▶ [TASK]:
Using the data beneath this instruction, retype only the lines from the one that contains "rewrite (bigD1 a)" down to the one that contains "apply: sum_edge_weight_le => y.", both included, exactly as they appear.

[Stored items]
________________________________________

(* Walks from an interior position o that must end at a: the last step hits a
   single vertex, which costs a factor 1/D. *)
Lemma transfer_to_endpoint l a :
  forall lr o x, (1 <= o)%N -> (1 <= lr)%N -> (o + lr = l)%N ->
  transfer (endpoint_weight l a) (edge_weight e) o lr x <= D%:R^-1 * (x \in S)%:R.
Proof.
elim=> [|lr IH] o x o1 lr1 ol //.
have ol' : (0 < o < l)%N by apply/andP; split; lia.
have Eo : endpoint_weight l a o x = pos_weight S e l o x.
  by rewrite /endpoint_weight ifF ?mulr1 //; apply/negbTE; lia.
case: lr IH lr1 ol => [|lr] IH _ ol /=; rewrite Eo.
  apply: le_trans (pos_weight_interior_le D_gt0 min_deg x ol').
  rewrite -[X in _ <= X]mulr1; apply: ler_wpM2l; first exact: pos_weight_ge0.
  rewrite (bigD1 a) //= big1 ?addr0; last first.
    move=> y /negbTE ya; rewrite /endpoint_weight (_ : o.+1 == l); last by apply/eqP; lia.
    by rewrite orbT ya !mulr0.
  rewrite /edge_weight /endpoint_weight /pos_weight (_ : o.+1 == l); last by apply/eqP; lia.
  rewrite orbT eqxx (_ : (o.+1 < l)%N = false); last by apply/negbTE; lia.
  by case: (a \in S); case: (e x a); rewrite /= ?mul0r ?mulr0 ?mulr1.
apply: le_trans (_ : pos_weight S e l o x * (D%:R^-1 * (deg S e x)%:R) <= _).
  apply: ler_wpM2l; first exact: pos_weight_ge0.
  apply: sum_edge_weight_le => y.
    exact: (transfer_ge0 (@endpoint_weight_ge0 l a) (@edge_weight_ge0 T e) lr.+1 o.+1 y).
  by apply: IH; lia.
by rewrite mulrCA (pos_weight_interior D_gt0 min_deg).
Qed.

________________________________________

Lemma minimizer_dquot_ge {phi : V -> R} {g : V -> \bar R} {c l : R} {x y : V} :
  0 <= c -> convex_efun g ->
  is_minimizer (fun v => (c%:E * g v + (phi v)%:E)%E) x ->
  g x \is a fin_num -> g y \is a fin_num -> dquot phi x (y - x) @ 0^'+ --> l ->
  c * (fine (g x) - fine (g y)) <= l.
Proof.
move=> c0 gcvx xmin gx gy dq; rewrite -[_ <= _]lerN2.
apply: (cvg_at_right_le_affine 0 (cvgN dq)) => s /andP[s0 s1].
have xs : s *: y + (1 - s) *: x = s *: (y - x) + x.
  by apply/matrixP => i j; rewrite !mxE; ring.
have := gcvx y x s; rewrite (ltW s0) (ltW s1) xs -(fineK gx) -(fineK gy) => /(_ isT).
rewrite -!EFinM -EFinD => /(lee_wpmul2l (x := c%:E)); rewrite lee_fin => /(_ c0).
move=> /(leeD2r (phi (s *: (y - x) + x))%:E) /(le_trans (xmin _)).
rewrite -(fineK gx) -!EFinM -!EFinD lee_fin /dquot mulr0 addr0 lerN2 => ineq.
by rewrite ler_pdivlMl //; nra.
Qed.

________________________________________

▶ [SOLUTION TO THIS EXERCISE]:
  rewrite (bigD1 a) //= big1 ?addr0; last first.
    move=> y /negbTE ya; rewrite /endpoint_weight (_ : o.+1 == l); last by apply/eqP; lia.
    by rewrite orbT ya !mulr0.
  rewrite /edge_weight /endpoint_weight /pos_weight (_ : o.+1 == l); last by apply/eqP; lia.
  rewrite orbT eqxx (_ : (o.+1 < l)%N = false); last by apply/negbTE; lia.
  by case: (a \in S); case: (e x a); rewrite /= ?mul0r ?mulr0 ?mulr1.
apply: le_trans (_ : pos_weight S e l o x * (D%:R^-1 * (deg S e x)%:R) <= _).
  apply: ler_wpM2l; first exact: pos_weight_ge0.
  apply: sum_edge_weight_le => y.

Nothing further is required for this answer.